Instructions to follow: Work out the number of lines below containing the word "element" and give nothing besides it.

====== Source material ======

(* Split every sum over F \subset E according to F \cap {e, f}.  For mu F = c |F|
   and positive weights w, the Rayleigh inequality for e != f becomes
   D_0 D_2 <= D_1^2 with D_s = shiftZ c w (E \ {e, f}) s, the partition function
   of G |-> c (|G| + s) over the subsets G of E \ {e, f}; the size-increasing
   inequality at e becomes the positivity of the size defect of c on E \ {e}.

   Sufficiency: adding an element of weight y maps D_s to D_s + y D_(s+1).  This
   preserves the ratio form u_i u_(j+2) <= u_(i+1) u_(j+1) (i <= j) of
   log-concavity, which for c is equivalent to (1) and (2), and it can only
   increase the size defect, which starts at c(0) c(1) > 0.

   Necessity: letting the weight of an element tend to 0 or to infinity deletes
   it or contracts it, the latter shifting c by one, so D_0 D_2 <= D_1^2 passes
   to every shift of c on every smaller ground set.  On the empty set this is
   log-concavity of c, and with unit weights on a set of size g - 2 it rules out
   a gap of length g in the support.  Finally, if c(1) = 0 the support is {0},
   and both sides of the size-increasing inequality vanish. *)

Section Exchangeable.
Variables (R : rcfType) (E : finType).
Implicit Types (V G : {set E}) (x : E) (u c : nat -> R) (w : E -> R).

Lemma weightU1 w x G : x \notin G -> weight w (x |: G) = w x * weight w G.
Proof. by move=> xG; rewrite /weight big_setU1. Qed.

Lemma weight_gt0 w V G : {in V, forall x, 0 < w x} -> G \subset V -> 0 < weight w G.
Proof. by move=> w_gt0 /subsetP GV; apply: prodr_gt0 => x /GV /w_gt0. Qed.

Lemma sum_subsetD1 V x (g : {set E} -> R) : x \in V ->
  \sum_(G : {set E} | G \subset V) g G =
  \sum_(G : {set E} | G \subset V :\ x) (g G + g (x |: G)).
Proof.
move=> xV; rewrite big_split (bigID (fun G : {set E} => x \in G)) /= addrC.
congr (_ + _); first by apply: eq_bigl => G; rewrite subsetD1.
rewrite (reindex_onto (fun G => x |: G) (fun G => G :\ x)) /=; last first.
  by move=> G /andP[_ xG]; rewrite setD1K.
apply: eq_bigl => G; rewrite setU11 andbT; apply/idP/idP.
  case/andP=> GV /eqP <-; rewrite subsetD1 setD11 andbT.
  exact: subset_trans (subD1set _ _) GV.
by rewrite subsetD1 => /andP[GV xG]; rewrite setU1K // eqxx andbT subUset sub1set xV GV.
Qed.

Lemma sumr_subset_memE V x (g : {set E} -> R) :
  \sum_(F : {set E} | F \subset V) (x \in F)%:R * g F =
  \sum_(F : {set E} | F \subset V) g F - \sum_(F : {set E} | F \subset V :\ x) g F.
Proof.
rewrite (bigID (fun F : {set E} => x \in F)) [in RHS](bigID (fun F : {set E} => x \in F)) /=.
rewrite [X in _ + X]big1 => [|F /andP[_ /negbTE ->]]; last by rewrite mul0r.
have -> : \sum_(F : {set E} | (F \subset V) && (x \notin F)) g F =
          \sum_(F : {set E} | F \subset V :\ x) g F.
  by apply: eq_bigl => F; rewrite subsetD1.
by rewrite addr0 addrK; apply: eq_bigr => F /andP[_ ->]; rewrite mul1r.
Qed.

======
====== Source material ======

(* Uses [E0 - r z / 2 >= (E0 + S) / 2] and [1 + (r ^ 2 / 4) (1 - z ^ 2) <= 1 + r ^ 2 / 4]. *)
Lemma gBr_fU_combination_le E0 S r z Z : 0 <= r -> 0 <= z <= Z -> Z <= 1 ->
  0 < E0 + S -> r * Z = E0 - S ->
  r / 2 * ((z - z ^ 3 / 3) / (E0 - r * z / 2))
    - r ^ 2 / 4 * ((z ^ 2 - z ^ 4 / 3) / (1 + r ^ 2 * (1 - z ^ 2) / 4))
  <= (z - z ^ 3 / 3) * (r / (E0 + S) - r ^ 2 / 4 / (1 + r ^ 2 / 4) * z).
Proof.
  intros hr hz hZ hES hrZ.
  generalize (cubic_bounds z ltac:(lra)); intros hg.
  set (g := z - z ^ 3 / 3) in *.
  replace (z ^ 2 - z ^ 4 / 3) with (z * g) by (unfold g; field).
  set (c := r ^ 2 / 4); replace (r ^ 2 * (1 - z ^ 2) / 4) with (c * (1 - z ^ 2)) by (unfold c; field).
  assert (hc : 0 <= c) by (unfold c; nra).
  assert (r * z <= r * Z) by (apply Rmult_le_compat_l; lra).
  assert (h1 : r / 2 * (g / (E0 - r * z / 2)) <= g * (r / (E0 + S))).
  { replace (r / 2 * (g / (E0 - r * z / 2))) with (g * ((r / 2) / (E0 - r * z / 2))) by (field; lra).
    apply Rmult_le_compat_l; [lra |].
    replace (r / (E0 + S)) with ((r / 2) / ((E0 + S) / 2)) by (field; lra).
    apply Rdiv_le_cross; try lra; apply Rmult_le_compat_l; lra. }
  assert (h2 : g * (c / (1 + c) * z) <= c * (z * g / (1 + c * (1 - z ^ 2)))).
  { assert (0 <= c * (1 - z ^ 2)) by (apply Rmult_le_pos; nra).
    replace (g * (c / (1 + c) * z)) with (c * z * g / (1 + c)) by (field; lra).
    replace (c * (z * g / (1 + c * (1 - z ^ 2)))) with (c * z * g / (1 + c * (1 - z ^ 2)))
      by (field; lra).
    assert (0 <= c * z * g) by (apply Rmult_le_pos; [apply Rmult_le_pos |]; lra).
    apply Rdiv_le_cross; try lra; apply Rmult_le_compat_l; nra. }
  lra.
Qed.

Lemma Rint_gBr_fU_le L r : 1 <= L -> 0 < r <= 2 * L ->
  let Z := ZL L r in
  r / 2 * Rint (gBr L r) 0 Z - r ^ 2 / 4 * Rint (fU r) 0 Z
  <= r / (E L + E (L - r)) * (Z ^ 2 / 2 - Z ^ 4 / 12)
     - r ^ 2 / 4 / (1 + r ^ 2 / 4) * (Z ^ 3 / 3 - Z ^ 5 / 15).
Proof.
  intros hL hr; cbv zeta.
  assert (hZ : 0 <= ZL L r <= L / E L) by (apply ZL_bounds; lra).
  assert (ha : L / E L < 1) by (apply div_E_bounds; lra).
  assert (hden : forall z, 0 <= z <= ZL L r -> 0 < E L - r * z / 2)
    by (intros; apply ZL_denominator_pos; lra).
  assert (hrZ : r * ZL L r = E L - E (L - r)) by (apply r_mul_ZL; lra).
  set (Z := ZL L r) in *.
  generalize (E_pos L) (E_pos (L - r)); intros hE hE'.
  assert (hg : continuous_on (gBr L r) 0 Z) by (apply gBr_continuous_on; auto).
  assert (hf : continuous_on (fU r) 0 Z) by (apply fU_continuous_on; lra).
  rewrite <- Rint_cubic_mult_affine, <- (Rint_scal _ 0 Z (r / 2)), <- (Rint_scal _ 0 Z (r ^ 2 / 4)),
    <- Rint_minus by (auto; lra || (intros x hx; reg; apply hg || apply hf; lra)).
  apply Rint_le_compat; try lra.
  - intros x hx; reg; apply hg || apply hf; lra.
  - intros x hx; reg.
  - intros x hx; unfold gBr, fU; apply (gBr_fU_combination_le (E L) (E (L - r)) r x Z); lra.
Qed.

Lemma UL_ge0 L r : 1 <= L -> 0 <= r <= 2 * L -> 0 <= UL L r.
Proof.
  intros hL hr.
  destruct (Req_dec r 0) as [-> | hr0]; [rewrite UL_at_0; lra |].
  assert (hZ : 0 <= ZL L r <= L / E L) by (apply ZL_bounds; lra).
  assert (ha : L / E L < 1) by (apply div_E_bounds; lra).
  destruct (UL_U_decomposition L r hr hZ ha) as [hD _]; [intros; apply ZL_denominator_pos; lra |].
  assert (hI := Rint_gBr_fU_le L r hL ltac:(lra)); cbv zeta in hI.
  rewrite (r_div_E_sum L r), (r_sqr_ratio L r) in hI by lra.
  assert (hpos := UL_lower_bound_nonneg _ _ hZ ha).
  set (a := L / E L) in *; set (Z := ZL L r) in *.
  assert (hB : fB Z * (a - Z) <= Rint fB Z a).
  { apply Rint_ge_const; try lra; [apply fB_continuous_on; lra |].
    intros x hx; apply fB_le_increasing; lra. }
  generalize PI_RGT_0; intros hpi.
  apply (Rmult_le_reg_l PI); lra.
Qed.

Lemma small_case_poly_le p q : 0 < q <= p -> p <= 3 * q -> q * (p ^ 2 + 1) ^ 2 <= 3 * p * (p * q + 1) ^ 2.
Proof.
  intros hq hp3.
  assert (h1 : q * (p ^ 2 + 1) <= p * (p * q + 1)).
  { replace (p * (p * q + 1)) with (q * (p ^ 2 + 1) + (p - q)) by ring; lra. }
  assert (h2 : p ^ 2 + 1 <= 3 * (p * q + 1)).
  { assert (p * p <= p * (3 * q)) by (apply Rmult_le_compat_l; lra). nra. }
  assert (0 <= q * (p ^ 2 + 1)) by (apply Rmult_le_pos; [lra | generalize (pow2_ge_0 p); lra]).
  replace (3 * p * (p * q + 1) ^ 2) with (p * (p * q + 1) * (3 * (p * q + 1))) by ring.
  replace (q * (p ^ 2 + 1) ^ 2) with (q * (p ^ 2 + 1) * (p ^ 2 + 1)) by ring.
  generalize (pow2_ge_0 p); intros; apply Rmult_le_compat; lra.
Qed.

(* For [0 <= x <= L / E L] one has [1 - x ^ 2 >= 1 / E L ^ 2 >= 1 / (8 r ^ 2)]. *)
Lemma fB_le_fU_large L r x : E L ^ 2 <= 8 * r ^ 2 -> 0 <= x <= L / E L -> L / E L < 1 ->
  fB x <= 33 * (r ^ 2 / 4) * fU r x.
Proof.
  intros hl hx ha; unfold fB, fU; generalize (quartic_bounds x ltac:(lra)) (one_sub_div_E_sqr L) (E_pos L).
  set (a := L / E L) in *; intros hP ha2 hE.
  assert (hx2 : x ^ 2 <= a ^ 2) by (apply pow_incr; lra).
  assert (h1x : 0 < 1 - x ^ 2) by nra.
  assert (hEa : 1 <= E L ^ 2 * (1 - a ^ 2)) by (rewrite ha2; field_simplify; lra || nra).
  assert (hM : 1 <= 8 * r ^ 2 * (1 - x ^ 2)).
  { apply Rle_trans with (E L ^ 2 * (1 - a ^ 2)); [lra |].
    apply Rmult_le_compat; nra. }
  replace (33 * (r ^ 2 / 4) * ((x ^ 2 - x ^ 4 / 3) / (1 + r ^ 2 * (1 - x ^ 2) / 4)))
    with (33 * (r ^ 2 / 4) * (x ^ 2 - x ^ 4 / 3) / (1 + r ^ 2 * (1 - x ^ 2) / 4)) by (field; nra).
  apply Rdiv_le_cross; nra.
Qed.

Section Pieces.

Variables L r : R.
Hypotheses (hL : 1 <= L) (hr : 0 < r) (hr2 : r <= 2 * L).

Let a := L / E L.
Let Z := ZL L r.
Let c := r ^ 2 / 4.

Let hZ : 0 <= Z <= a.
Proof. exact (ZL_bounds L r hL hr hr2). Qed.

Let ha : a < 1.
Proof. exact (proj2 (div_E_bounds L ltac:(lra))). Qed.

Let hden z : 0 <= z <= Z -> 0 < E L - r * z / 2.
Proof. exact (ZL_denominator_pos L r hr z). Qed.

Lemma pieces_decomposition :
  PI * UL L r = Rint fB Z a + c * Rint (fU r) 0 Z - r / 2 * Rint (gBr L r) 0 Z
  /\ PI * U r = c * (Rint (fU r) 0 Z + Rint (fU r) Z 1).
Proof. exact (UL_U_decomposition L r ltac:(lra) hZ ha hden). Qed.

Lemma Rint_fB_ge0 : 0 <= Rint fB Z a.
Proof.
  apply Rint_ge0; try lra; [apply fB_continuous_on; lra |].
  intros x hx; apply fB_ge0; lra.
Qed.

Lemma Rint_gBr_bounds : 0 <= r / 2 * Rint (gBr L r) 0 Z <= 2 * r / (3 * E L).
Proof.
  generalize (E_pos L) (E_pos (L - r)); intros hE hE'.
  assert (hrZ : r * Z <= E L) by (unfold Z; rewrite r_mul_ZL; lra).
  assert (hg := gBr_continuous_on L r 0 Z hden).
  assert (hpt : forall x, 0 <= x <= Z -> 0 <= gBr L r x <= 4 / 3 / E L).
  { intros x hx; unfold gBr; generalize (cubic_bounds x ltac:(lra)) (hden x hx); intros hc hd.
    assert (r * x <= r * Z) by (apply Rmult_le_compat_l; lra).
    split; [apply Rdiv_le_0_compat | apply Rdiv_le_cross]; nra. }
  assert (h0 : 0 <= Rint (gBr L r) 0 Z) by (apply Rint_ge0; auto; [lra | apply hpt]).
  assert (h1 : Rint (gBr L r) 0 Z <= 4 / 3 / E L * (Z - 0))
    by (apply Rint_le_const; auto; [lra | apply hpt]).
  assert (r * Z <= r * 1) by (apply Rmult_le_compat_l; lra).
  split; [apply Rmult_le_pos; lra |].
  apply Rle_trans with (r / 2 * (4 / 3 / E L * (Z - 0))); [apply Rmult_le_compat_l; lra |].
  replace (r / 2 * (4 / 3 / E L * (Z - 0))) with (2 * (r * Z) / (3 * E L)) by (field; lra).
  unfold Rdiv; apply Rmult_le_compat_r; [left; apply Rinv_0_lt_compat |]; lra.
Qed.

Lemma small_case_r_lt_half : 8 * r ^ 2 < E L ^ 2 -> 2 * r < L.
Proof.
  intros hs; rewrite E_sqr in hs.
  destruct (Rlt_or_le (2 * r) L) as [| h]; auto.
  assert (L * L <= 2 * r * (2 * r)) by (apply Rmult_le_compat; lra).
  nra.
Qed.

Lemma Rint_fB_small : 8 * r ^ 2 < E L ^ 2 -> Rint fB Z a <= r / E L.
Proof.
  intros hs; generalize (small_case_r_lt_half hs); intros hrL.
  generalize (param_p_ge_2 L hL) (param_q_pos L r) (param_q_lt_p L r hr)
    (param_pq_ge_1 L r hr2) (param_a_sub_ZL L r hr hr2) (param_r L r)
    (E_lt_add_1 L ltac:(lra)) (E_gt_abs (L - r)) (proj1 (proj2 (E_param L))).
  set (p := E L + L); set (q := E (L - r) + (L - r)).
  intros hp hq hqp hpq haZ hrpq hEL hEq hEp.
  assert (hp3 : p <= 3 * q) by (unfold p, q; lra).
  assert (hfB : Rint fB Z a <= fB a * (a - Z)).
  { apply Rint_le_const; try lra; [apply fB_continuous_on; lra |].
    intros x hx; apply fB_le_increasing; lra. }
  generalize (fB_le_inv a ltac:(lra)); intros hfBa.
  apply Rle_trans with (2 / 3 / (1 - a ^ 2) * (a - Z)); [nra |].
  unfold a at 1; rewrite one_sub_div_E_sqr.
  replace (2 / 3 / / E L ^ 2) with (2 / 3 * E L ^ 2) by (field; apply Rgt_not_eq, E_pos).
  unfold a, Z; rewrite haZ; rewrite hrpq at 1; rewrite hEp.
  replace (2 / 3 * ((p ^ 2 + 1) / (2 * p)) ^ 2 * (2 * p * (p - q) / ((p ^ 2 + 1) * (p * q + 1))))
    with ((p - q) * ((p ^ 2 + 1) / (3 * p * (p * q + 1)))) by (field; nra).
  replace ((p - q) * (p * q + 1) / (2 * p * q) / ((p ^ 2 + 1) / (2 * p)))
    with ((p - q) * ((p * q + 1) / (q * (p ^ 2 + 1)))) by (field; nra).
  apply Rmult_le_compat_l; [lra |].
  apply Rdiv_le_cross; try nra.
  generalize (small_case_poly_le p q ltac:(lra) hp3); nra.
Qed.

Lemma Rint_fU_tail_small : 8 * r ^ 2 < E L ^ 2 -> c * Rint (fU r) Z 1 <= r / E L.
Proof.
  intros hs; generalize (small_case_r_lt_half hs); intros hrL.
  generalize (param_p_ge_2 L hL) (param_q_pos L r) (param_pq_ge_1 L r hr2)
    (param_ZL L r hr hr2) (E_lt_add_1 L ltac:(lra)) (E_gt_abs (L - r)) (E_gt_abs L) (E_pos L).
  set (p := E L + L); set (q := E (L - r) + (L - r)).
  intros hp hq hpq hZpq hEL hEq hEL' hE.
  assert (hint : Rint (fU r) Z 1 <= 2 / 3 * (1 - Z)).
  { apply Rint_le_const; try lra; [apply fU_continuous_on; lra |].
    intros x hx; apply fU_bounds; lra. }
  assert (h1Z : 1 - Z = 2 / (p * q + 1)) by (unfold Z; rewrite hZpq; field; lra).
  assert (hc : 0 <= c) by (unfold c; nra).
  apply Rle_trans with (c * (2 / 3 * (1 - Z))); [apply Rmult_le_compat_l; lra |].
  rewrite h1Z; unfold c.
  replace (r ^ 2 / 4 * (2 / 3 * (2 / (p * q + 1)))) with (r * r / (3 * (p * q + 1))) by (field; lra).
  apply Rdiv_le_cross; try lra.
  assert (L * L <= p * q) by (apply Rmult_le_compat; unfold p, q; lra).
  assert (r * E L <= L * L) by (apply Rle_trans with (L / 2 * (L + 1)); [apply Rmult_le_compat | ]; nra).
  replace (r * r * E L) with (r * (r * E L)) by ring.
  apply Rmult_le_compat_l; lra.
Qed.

======

Answer for the task: 2